When you reach the line containing "From Stdlib Require List." in the entries below, begin reproducing lines exactly, and stop once the line containing "(forall x, ~ (A x /\ U x /\ V x)) ->" is done.

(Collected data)
# # # #
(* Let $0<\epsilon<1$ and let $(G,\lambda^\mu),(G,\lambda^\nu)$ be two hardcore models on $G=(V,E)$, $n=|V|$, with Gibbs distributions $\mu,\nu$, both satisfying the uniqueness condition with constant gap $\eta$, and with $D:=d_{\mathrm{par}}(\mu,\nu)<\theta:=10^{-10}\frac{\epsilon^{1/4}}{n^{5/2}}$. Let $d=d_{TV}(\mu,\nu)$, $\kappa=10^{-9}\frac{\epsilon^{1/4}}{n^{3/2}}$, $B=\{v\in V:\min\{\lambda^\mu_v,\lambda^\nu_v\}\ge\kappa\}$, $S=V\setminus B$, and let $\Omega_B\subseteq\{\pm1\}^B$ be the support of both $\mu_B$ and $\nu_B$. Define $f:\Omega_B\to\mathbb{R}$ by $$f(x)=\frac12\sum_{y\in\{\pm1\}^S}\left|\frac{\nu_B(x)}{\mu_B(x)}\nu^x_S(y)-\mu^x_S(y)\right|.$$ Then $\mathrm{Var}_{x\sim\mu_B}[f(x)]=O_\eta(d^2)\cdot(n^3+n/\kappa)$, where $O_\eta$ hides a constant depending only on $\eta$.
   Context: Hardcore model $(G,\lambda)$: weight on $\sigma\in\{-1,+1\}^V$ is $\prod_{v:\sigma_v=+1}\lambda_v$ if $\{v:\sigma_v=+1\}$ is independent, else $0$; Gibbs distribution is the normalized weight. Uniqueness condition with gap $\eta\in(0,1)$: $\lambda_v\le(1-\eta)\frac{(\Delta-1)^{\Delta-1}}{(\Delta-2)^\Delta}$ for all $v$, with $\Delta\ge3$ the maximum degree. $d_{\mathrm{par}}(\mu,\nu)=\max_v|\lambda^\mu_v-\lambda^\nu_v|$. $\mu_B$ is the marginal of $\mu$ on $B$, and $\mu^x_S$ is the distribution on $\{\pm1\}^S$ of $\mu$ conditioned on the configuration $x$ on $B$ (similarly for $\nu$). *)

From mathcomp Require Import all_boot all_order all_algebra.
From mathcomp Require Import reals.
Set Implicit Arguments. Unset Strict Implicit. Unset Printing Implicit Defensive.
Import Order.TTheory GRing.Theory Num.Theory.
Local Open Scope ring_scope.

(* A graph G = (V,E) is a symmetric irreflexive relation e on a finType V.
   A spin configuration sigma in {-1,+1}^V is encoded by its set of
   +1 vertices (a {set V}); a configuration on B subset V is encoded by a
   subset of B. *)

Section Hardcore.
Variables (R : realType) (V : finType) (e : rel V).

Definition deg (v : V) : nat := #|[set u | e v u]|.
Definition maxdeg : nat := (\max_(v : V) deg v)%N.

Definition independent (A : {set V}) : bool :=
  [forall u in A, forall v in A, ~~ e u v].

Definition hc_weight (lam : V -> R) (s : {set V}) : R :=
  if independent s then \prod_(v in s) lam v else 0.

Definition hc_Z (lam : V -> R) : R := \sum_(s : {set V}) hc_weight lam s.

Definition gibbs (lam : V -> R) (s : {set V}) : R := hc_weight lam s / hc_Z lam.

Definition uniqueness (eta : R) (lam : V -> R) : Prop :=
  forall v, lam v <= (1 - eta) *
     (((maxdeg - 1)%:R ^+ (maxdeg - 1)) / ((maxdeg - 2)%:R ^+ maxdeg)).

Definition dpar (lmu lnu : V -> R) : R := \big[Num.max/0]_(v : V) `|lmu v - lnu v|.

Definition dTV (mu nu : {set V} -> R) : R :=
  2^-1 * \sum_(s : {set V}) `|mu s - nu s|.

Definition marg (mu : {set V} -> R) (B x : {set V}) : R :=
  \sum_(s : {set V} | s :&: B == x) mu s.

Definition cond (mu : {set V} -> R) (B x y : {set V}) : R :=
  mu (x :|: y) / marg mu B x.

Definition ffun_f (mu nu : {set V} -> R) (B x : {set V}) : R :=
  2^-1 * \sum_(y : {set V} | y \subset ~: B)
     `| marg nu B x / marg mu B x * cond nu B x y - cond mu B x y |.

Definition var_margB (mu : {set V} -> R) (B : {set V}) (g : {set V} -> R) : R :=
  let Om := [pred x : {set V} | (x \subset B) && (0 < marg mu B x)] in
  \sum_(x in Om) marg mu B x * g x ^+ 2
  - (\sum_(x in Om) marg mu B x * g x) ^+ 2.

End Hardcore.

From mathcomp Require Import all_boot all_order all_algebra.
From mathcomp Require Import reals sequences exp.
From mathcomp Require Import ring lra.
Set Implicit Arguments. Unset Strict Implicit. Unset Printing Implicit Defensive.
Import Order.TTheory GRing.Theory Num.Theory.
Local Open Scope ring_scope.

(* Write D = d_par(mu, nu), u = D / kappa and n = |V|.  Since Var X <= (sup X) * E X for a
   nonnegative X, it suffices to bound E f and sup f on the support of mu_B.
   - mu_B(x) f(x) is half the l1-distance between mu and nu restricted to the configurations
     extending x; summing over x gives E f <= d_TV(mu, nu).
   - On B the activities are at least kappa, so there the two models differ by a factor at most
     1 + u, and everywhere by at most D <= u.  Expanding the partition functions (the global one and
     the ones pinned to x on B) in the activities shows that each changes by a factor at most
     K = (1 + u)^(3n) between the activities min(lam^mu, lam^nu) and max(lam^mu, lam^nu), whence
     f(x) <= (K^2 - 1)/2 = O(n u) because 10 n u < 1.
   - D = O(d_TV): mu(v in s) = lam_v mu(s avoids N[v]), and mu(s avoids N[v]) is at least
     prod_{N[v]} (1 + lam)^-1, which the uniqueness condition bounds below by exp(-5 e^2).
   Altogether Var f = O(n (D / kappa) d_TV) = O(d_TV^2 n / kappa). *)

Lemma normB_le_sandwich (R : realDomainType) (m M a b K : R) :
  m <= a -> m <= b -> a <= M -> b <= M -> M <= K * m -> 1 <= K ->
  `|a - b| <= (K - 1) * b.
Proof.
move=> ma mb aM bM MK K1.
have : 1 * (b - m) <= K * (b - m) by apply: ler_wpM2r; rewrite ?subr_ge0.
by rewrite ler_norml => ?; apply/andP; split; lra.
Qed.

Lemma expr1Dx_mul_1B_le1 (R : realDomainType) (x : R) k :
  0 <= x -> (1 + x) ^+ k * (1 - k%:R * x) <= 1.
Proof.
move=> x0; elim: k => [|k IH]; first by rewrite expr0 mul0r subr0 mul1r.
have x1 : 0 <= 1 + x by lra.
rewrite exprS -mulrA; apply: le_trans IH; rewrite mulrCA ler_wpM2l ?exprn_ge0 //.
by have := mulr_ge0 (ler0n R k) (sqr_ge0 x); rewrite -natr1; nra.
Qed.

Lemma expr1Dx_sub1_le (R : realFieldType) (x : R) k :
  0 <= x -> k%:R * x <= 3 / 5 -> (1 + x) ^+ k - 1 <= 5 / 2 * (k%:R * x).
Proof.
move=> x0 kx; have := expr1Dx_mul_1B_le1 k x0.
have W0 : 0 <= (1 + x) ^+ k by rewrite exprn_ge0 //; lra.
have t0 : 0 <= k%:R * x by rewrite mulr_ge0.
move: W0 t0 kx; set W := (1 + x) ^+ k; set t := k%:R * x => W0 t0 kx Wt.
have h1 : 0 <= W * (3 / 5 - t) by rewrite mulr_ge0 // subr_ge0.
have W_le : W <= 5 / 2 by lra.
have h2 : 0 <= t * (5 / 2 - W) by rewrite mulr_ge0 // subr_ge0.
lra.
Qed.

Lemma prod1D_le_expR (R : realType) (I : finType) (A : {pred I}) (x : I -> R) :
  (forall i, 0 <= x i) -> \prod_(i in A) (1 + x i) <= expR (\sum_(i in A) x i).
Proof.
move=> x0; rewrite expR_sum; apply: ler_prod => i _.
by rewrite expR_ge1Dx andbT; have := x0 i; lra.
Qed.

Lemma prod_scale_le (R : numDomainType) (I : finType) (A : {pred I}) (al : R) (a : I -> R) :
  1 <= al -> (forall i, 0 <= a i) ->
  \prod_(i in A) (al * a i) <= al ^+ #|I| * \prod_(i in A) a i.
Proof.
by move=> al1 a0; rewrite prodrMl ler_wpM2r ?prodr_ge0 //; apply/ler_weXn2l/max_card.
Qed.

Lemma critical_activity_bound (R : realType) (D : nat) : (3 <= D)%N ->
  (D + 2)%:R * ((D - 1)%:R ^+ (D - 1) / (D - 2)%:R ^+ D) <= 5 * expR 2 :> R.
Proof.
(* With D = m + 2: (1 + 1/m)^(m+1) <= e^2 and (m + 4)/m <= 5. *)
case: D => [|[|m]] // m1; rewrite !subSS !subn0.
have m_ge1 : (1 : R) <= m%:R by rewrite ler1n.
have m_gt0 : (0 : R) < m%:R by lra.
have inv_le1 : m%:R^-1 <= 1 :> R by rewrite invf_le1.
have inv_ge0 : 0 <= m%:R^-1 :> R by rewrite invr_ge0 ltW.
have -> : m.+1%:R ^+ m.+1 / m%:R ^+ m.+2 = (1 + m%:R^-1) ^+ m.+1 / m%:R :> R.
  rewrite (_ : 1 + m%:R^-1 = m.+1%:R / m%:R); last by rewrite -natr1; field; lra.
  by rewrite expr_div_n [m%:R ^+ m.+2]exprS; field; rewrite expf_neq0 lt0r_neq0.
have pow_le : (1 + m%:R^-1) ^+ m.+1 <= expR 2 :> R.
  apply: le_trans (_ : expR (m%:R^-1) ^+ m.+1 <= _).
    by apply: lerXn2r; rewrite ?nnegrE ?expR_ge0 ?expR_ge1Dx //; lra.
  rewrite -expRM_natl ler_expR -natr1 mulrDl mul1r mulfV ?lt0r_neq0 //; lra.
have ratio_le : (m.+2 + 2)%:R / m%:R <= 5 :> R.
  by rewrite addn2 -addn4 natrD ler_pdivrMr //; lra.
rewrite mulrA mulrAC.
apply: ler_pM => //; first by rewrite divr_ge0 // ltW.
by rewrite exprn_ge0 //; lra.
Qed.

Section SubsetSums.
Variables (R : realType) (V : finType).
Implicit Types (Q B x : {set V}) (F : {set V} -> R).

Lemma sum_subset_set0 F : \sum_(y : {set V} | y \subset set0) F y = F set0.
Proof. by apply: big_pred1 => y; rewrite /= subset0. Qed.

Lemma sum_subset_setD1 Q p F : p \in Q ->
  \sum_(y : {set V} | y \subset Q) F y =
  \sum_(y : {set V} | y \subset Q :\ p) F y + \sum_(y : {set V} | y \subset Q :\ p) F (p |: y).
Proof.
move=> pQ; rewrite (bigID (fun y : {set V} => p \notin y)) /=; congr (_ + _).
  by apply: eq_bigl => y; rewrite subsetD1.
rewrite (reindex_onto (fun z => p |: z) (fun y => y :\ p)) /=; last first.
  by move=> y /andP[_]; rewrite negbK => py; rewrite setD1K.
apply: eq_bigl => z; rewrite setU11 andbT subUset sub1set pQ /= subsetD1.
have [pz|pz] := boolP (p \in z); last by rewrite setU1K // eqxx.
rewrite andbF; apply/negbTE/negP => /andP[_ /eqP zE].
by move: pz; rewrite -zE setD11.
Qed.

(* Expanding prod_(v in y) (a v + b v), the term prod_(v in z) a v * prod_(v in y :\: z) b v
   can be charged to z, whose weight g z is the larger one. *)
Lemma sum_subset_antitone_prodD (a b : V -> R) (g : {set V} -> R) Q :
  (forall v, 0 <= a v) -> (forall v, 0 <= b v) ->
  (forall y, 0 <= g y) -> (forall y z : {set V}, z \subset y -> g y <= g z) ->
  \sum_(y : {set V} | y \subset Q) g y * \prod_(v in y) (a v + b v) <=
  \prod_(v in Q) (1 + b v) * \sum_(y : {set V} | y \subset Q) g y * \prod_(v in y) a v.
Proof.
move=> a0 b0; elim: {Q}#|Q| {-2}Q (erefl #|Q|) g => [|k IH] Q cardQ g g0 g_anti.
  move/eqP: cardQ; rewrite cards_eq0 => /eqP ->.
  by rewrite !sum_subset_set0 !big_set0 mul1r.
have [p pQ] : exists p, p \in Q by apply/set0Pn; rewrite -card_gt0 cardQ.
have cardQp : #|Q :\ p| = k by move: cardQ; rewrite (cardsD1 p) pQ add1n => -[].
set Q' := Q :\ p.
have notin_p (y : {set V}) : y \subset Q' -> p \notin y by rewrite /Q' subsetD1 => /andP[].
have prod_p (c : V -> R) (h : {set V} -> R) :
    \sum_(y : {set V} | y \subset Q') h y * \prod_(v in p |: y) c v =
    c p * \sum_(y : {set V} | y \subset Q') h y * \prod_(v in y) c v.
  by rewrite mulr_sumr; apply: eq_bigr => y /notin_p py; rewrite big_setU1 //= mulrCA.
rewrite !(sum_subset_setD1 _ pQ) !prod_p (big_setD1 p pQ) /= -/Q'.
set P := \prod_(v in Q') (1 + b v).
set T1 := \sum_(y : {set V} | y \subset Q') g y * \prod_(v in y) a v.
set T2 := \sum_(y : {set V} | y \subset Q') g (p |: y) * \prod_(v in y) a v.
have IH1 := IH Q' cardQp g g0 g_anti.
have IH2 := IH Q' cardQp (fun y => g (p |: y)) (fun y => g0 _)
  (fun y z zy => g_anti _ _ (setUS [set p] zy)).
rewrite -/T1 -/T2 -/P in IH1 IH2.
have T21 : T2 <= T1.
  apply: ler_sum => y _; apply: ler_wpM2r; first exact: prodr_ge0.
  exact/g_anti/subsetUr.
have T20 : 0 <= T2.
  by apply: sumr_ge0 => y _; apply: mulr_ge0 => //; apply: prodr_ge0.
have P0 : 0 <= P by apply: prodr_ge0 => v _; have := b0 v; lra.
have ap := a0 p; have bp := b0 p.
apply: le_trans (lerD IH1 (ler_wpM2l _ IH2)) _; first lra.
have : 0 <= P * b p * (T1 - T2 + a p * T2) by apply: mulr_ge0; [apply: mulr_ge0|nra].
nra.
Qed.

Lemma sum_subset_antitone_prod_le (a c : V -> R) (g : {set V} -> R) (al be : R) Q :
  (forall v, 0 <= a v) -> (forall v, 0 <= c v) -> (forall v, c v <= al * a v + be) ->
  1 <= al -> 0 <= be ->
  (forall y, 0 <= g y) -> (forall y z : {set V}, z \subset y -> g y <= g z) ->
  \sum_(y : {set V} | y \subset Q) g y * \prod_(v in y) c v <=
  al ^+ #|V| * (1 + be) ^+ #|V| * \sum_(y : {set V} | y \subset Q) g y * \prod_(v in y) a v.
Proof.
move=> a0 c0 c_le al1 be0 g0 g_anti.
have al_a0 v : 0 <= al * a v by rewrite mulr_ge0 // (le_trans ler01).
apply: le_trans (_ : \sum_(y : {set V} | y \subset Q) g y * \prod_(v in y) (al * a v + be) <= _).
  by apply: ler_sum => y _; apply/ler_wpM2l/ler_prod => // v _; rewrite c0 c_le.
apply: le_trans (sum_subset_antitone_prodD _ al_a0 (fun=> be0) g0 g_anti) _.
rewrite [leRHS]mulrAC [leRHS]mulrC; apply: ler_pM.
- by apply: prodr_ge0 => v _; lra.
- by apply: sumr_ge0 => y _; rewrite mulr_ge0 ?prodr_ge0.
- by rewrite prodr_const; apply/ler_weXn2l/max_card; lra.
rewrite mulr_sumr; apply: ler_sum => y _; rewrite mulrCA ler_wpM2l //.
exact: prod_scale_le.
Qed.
# # # #
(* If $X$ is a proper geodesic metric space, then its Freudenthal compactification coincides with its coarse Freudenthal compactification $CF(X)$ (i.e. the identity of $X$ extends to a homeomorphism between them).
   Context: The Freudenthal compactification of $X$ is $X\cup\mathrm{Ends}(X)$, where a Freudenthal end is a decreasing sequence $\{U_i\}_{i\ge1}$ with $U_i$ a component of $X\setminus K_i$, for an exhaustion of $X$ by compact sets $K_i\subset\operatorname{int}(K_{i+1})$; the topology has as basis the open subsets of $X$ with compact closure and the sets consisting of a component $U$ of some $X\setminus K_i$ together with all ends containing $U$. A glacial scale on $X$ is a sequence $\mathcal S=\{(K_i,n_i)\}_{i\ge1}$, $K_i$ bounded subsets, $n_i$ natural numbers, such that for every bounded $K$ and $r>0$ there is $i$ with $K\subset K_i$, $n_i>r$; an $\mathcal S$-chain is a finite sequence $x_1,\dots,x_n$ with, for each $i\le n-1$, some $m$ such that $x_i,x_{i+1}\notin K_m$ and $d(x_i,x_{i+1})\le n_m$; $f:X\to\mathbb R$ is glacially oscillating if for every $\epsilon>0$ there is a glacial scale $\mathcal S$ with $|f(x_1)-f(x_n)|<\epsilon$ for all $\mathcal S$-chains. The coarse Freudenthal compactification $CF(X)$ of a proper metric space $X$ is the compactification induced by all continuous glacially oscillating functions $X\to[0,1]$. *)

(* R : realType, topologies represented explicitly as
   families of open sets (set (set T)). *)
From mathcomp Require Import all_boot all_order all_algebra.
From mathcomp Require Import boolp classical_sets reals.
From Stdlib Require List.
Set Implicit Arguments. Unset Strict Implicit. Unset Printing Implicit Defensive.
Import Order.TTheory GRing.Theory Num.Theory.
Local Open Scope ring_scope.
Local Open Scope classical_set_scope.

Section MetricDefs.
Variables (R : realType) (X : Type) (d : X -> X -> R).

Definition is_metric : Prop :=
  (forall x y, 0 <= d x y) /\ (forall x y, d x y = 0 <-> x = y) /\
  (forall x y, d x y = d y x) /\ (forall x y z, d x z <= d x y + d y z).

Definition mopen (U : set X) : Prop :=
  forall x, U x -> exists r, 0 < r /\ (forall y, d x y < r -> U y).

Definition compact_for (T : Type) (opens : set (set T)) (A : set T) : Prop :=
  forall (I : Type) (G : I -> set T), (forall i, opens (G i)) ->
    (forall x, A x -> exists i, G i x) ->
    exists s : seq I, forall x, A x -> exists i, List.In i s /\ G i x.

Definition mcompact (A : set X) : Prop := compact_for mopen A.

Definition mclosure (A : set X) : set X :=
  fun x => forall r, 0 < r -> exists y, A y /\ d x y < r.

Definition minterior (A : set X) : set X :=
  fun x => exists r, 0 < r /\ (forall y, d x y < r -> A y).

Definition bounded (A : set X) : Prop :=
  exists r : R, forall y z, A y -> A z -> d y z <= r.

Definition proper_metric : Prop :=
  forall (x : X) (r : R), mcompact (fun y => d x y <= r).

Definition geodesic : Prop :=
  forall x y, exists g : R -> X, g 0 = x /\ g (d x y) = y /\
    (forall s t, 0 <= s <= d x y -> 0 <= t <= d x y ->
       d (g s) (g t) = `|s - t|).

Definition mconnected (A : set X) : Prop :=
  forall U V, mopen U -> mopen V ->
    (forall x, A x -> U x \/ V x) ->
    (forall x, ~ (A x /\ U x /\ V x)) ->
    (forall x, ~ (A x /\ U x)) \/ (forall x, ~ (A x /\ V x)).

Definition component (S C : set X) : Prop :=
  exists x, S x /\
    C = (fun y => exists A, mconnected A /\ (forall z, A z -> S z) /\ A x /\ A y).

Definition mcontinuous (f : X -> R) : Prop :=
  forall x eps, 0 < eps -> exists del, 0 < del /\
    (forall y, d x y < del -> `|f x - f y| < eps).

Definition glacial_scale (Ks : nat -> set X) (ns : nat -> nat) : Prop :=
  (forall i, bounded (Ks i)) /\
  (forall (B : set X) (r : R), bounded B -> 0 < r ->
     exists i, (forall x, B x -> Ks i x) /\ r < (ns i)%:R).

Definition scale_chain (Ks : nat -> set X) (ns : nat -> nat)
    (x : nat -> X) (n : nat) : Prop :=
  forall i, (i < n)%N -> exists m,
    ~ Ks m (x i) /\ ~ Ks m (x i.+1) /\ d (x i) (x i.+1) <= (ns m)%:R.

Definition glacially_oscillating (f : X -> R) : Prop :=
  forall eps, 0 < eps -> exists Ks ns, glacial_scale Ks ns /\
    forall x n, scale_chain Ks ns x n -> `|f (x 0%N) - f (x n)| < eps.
# # # #
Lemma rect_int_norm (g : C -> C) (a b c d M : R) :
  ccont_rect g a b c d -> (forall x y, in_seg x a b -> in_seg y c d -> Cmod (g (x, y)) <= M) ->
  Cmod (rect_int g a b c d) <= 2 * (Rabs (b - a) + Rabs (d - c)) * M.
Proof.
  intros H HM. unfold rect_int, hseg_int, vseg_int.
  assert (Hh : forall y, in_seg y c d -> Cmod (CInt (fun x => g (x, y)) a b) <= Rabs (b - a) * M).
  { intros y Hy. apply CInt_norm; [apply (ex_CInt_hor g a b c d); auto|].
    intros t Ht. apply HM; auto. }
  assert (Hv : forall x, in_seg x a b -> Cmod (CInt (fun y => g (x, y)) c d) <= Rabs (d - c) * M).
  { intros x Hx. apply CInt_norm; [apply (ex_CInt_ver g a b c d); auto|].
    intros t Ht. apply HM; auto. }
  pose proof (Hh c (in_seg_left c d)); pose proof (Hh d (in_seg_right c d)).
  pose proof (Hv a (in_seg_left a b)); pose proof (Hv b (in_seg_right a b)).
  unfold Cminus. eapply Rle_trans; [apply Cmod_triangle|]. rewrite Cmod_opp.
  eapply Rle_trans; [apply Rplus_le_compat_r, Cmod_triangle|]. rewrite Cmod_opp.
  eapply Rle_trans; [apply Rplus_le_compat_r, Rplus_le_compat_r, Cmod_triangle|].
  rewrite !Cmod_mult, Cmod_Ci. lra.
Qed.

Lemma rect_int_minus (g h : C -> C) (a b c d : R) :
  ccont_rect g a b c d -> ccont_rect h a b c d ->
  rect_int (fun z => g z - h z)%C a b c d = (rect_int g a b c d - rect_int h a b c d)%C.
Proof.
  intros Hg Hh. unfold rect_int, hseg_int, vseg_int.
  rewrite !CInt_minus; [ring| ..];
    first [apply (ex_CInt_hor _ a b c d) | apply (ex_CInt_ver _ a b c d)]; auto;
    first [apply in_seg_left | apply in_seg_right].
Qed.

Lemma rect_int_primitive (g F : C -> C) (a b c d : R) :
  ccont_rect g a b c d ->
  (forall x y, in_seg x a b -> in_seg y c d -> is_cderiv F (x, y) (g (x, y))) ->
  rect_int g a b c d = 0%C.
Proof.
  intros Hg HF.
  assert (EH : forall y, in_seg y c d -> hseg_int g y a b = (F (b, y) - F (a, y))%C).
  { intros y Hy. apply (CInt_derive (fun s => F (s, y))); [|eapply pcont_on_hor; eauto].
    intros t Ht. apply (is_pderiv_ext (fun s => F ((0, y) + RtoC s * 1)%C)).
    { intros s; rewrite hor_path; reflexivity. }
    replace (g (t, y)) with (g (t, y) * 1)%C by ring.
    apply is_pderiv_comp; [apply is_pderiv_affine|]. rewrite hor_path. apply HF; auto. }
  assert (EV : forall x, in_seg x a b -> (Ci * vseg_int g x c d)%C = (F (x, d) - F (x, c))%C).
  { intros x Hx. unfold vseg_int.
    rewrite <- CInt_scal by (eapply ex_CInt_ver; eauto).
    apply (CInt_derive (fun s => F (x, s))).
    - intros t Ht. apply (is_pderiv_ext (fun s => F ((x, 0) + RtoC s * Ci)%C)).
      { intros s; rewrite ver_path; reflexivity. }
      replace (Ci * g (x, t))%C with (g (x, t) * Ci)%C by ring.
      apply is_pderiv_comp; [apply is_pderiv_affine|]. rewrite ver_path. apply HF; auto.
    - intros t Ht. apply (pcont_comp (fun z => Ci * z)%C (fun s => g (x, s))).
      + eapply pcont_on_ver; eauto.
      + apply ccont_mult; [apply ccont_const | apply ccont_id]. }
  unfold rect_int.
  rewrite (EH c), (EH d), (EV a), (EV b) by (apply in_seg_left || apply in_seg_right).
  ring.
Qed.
# # # #
→ Solution for this exercise
From Stdlib Require List.
Set Implicit Arguments. Unset Strict Implicit. Unset Printing Implicit Defensive.
Import Order.TTheory GRing.Theory Num.Theory.
Local Open Scope ring_scope.
Local Open Scope classical_set_scope.

Section MetricDefs.
Variables (R : realType) (X : Type) (d : X -> X -> R).

Definition is_metric : Prop :=
  (forall x y, 0 <= d x y) /\ (forall x y, d x y = 0 <-> x = y) /\
  (forall x y, d x y = d y x) /\ (forall x y z, d x z <= d x y + d y z).

Definition mopen (U : set X) : Prop :=
  forall x, U x -> exists r, 0 < r /\ (forall y, d x y < r -> U y).

Definition compact_for (T : Type) (opens : set (set T)) (A : set T) : Prop :=
  forall (I : Type) (G : I -> set T), (forall i, opens (G i)) ->
    (forall x, A x -> exists i, G i x) ->
    exists s : seq I, forall x, A x -> exists i, List.In i s /\ G i x.

Definition mcompact (A : set X) : Prop := compact_for mopen A.

Definition mclosure (A : set X) : set X :=
  fun x => forall r, 0 < r -> exists y, A y /\ d x y < r.

Definition minterior (A : set X) : set X :=
  fun x => exists r, 0 < r /\ (forall y, d x y < r -> A y).

Definition bounded (A : set X) : Prop :=
  exists r : R, forall y z, A y -> A z -> d y z <= r.

Definition proper_metric : Prop :=
  forall (x : X) (r : R), mcompact (fun y => d x y <= r).

Definition geodesic : Prop :=
  forall x y, exists g : R -> X, g 0 = x /\ g (d x y) = y /\
    (forall s t, 0 <= s <= d x y -> 0 <= t <= d x y ->
       d (g s) (g t) = `|s - t|).

Definition mconnected (A : set X) : Prop :=
  forall U V, mopen U -> mopen V ->
    (forall x, A x -> U x \/ V x) ->
    (forall x, ~ (A x /\ U x /\ V x)) ->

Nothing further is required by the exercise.